Short explanation of why the comment was or was not considered spam.

confidence number

Confidence score (0-1) for the spam evaluation.

is_spam boolean

True if the comment is probably spam; false otherwise.

relevance_check object OPTIONAL

Schema for comment relevance evaluation, including on-topic assessment and banned topics check.

on_topic object

Holds data about the on-topic (relevance) assessment.

reasoning string

Short explanation of why this comment was or was not regarded as on-topic.

on_topic boolean

Indicates if the comment is considered on-topic. True if it is; false if it is not on-topic / relevant.

confidence number

Confidence score (0-1) for the on-topic evaluation.

banned_topics object

Holds data about the off-topic (banned topics) assessment.

reasoning string

Short explanation of why the comment was assessed as, or not, being about topics that are off-topic.

banned_topics string[]

List of off-topic topics detected.

quantity_on_banned_topics number

A score representing the extent of the off-topic content in the comment: 0-1, where 0.5 is that about half the comment was about a topic that was flagged.

confidence number

Confidence score (0-1) for the off-topic evaluation.

400

Bad Request - Missing or invalid parameters, or no feature flags enabled.
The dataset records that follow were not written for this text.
(* Let $\mathbf{x}_1,\ldots,\mathbf{x}_n\in\mathbb{R}^p$ be distinct design points with observed responses $\mathbf{y}=(y_1,\ldots,y_n)^\top$. Let $\boldsymbol{\theta}=(\theta_1,\ldots,\theta_p)$ and $\boldsymbol{\alpha}=(\alpha_1,\ldots,\alpha_p)$ be correlation parameters with $0\le\theta_j$ and $\alpha_j>0$, and define the Gaussian correlation functions $g(\mathbf{h})=\exp(-\sum_{j=1}^p\theta_j h_j^2)$ and $l(\mathbf{h})=\exp(-\sum_{j=1}^p\alpha_j h_j^2)$. Let $\mathbf{G}$ and $\mathbf{L}$ be the $n\times n$ matrices with $(i,j)$ entries $g(\mathbf{x}_i-\mathbf{x}_j)$ and $l(\mathbf{x}_i-\mathbf{x}_j)$, and for $\mathbf{x}\in\mathbb{R}^p$ let $\mathbf{g}(\mathbf{x})=(g(\mathbf{x}-\mathbf{x}_1),\ldots,g(\mathbf{x}-\mathbf{x}_n))^\top$ and $\mathbf{l}(\mathbf{x})=(l(\mathbf{x}-\mathbf{x}_1),\ldots,l(\mathbf{x}-\mathbf{x}_n))^\top$. Let $v:\mathbb{R}^p\to(0,\infty)$ be a given function, $\boldsymbol{\Sigma}=\operatorname{diag}\{v(\mathbf{x}_1),\ldots,v(\mathbf{x}_n)\}$, $\lambda\in[0,1]$, $\mathbf{Q}=\mathbf{G}+\lambda\boldsymbol{\Sigma}^{1/2}\mathbf{L}\boldsymbol{\Sigma}^{1/2}$, $\mathbf{1}$ the all-ones vector in $\mathbb{R}^n$, and $\hat\mu=(\mathbf{1}^\top\mathbf{Q}^{-1}\mathbf{1})^{-1}\mathbf{1}^\top\mathbf{Q}^{-1}\mathbf{y}$. Define the single-stage predictor $$\hat y(\mathbf{x})=\hat\mu+\big(\mathbf{g}(\mathbf{x})+\lambda v^{1/2}(\mathbf{x})\boldsymbol{\Sigma}^{1/2}\mathbf{l}(\mathbf{x})\big)^\top\mathbf{Q}^{-1}(\mathbf{y}-\hat\mu\mathbf{1}).$$ Define the global trend $\hat y_{\mathrm{global}}(\mathbf{x})=\hat\mu+\mathbf{g}^\top(\mathbf{x})\mathbf{Q}^{-1}(\mathbf{y}-\hat\mu\mathbf{1})$, the residual vector $\mathbf{s}=\mathbf{y}-(\hat y_{\mathrm{global}}(\mathbf{x}_1),\ldots,\hat y_{\mathrm{global}}(\mathbf{x}_n))^\top$, the standardized residuals $\mathbf{s}^\ast=\boldsymbol{\Sigma}^{-1/2}\mathbf{s}$, and the sequential predictor $$\hat y_{\mathrm{seq}}(\mathbf{x})=\hat y_{\mathrm{global}}(\mathbf{x})+v^{1/2}(\mathbf{x})\,\mathbf{l}^\top(\mathbf{x})\mathbf{L}^{-1}\mathbf{s}^\ast.$$ Then $\hat y(\mathbf{x})=\hat y_{\mathrm{seq}}(\mathbf{x})$ for all $\mathbf{x}\in\mathbb{R}^p$.
   Context: This is the composite Gaussian process (CGP) predictor with both parameters (the same $\lambda,\boldsymbol{\theta},\boldsymbol{\alpha}$ and volatility function $v$) used in both predictors. Since the design points are distinct, $\mathbf{G}$ and $\mathbf{L}$ are symmetric positive (semi)definite correlation matrices, with $\mathbf{L}$ and $\mathbf{Q}$ invertible, so all inverses above are well defined. $\boldsymbol{\Sigma}^{1/2}$ denotes the diagonal matrix of square roots of the diagonal of $\boldsymbol{\Sigma}$. *)

From HB Require Import structures.
From mathcomp Require Import all_boot all_order all_algebra.
From mathcomp Require Import all_classical all_reals.
From mathcomp Require Import all_analysis.
Set Implicit Arguments. Unset Strict Implicit. Unset Printing Implicit Defensive.
Import Order.TTheory GRing.Theory Num.Theory.
Local Open Scope ring_scope.

Section CGP.
Variables (R : realType) (n p : nat).

Definition gauss_corr (th h : 'rV[R]_p) : R :=
  expR (- \sum_(j < p) th 0 j * (h 0 j) ^+ 2).

Definition corr_mx (th : 'rV[R]_p) (X : 'I_n -> 'rV[R]_p) : 'M[R]_n :=
  \matrix_(i, j) gauss_corr th (X i - X j).

Definition corr_vec (th : 'rV[R]_p) (X : 'I_n -> 'rV[R]_p) (x : 'rV[R]_p)
  : 'cV[R]_n := \col_i gauss_corr th (x - X i).

Definition Sig_half (v : 'rV[R]_p -> R) (X : 'I_n -> 'rV[R]_p) : 'M[R]_n :=
  diag_mx (\row_i Num.sqrt (v (X i))).
Definition Sig_invhalf (v : 'rV[R]_p -> R) (X : 'I_n -> 'rV[R]_p) : 'M[R]_n :=
  diag_mx (\row_i (Num.sqrt (v (X i)))^-1).

Definition ones : 'cV[R]_n := const_mx 1.

Definition Qmx th al v X (lam : R) : 'M[R]_n :=
  corr_mx th X + lam *: (Sig_half v X *m corr_mx al X *m Sig_half v X).

Definition mu_hat th al v X lam (y : 'cV[R]_n) : R :=
  ((ones^T *m invmx (Qmx th al v X lam) *m ones) 0 0)^-1 *
  (ones^T *m invmx (Qmx th al v X lam) *m y) 0 0.

Definition y_hat th al v X lam y (x : 'rV[R]_p) : R :=
  let mu := mu_hat th al v X lam y in
  mu + ((corr_vec th X x + (lam * Num.sqrt (v x)) *: (Sig_half v X *m corr_vec al X x))^T
        *m invmx (Qmx th al v X lam) *m (y - mu *: ones)) 0 0.

Definition y_global th al v X lam y (x : 'rV[R]_p) : R :=
  let mu := mu_hat th al v X lam y in
  mu + ((corr_vec th X x)^T *m invmx (Qmx th al v X lam) *m (y - mu *: ones)) 0 0.

Definition resid th al v X lam y : 'cV[R]_n :=
  y - \col_i y_global th al v X lam y (X i).
Definition std_resid th al v X lam y : 'cV[R]_n :=
  Sig_invhalf v X *m resid th al v X lam y.

Definition y_seq th al v X lam y (x : 'rV[R]_p) : R :=
  y_global th al v X lam y x +
  Num.sqrt (v x) * ((corr_vec al X x)^T *m invmx (corr_mx al X)
                      *m std_resid th al v X lam y) 0 0.

End CGP.

From HB Require Import structures.
From mathcomp Require Import all_boot all_order all_algebra.
From mathcomp Require Import all_classical all_reals.
From mathcomp Require Import all_analysis.
Import Order.TTheory GRing.Theory Num.Theory.
Local Open Scope ring_scope.

(* Write w = Q^-1 (y - mu 1).  The global trend fits the design points with
   mu 1 + G w, so since Q w = G w + lam S^{1/2} L S^{1/2} w the residuals are
   s = lam S^{1/2} L S^{1/2} w, and L^-1 S^{-1/2} s = lam S^{1/2} w.  The
   sequential correction is therefore lam v^{1/2}(x) l(x)^T S^{1/2} w, which is
   exactly the part of the single-stage predictor beyond the global trend. *)

Lemma mul_diag_inv_diag (F : fieldType) (n : nat) (f : 'I_n -> F) :
  (forall i, f i != 0) ->
  diag_mx (\row_i (f i)^-1) *m diag_mx (\row_i f i) = 1%:M.
Proof.
move=> f_neq0; rewrite mulmx_diag -diag_const_mx.
by congr diag_mx; apply/matrixP => i j; rewrite !mxE mulVf.
Qed.

Section CGPAlgebra.
Variables (R : realType) (n p : nat).
Variables (X : 'I_n -> 'rV[R]_p) (y : 'cV[R]_n).
Variables (th al : 'rV[R]_p) (v : 'rV[R]_p -> R) (lam : R).

Let mu := mu_hat th al v X lam y.
Let G := corr_mx th X.
Let L := corr_mx al X.
Let S := Sig_half v X.
Let Q := Qmx th al v X lam.
Let w := invmx Q *m (y - mu *: ones R n).

Lemma Sig_invhalfK : (forall x, 0 < v x) -> Sig_invhalf v X *m S = 1%:M.
Proof.
move=> v_gt0; apply: mul_diag_inv_diag => i.
by rewrite lt0r_neq0 // sqrtr_gt0.
Qed.

Lemma y_global_design :
  \col_i y_global th al v X lam y (X i) = mu *: ones R n + G *m w.
Proof.
apply/matrixP => i j; rewrite [j]ord1 !mxE /y_global -/mu -/Q -mulmxA -/w.
rewrite mxE mulr1; congr (_ + _).
by apply: eq_bigr => k _; rewrite !mxE.
Qed.

Lemma resid_eq : Q \in unitmx ->
  resid th al v X lam y = lam *: (S *m (L *m (S *m w))).
Proof.
move=> Q_unit; rewrite /resid y_global_design.
have -> : y = mu *: ones R n + Q *m w.
  by rewrite /w mulmxA mulmxV // mul1mx addrC subrK.
rewrite opprD addrACA subrr add0r /Q /Qmx -/G -/L -/S mulmxDl addrC addKr.
by rewrite -scalemxAl -!mulmxA.
Qed.

Lemma std_resid_eq : (forall x, 0 < v x) -> L \in unitmx -> Q \in unitmx ->
  invmx L *m std_resid th al v X lam y = lam *: (S *m w).
Proof.
move=> v_gt0 L_unit Q_unit; rewrite /std_resid resid_eq //.
rewrite -!scalemxAr (mulmxA (Sig_invhalf v X)) Sig_invhalfK // mul1mx.
by rewrite mulKmx.
Qed.

Lemma y_hat_split (x : 'rV[R]_p) :
  y_hat th al v X lam y x =
  y_global th al v X lam y x +
  Num.sqrt (v x) * ((corr_vec al X x)^T *m (lam *: (S *m w))) 0 0.
Proof.
have trS : S^T = S by rewrite /S /Sig_half tr_diag_mx.
rewrite /y_hat /y_global -/mu -/Q -addrA; congr (_ + _).
rewrite -/S [(_ + _)^T]linearD /= !mulmxDl mxE -mulmxA -/w; congr (_ + _).
rewrite [(_ *: _)^T]linearZ /= trmx_mul trS.
by rewrite -!scalemxAl -!mulmxA -/w -scalemxAr !mxE mulrCA mulrA.
Qed.

End CGPAlgebra.

Theorem theorem1 (R : realType) (n p : nat)
  (X : 'I_n -> 'rV[R]_p) (y : 'cV[R]_n)
  (theta alpha : 'rV[R]_p) (v : 'rV[R]_p -> R) (lam : R)
  (hX : injective X)
  (htheta : forall j, 0 <= theta 0 j)
  (halpha : forall j, 0 < alpha 0 j)
  (hv : forall x, 0 < v x)
  (hlam : 0 <= lam <= 1)
  (hL : corr_mx alpha X \in unitmx)
  (hQ : Qmx theta alpha v X lam \in unitmx) :
  forall x : 'rV[R]_p,
    y_hat theta alpha v X lam y x = y_seq theta alpha v X lam y x.
Proof.
(* Distinctness of the design and the parameter ranges only serve to make L
   and Q invertible, which hL and hQ provide directly. *)
by move=> x; rewrite y_hat_split /y_seq -mulmxA std_resid_eq.
Qed.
To diagnose this, check the request body and ensure at least one of the feature flags is set to true, and check the documentation for the individual call that matches it to verify you are sending the required parameters. For example, the article_context_id is required for comment scoring and relevance checking but is marked optional here because not all of the features this runs in parallel require it.

401

Unauthorized - Missing or incorrect authentication.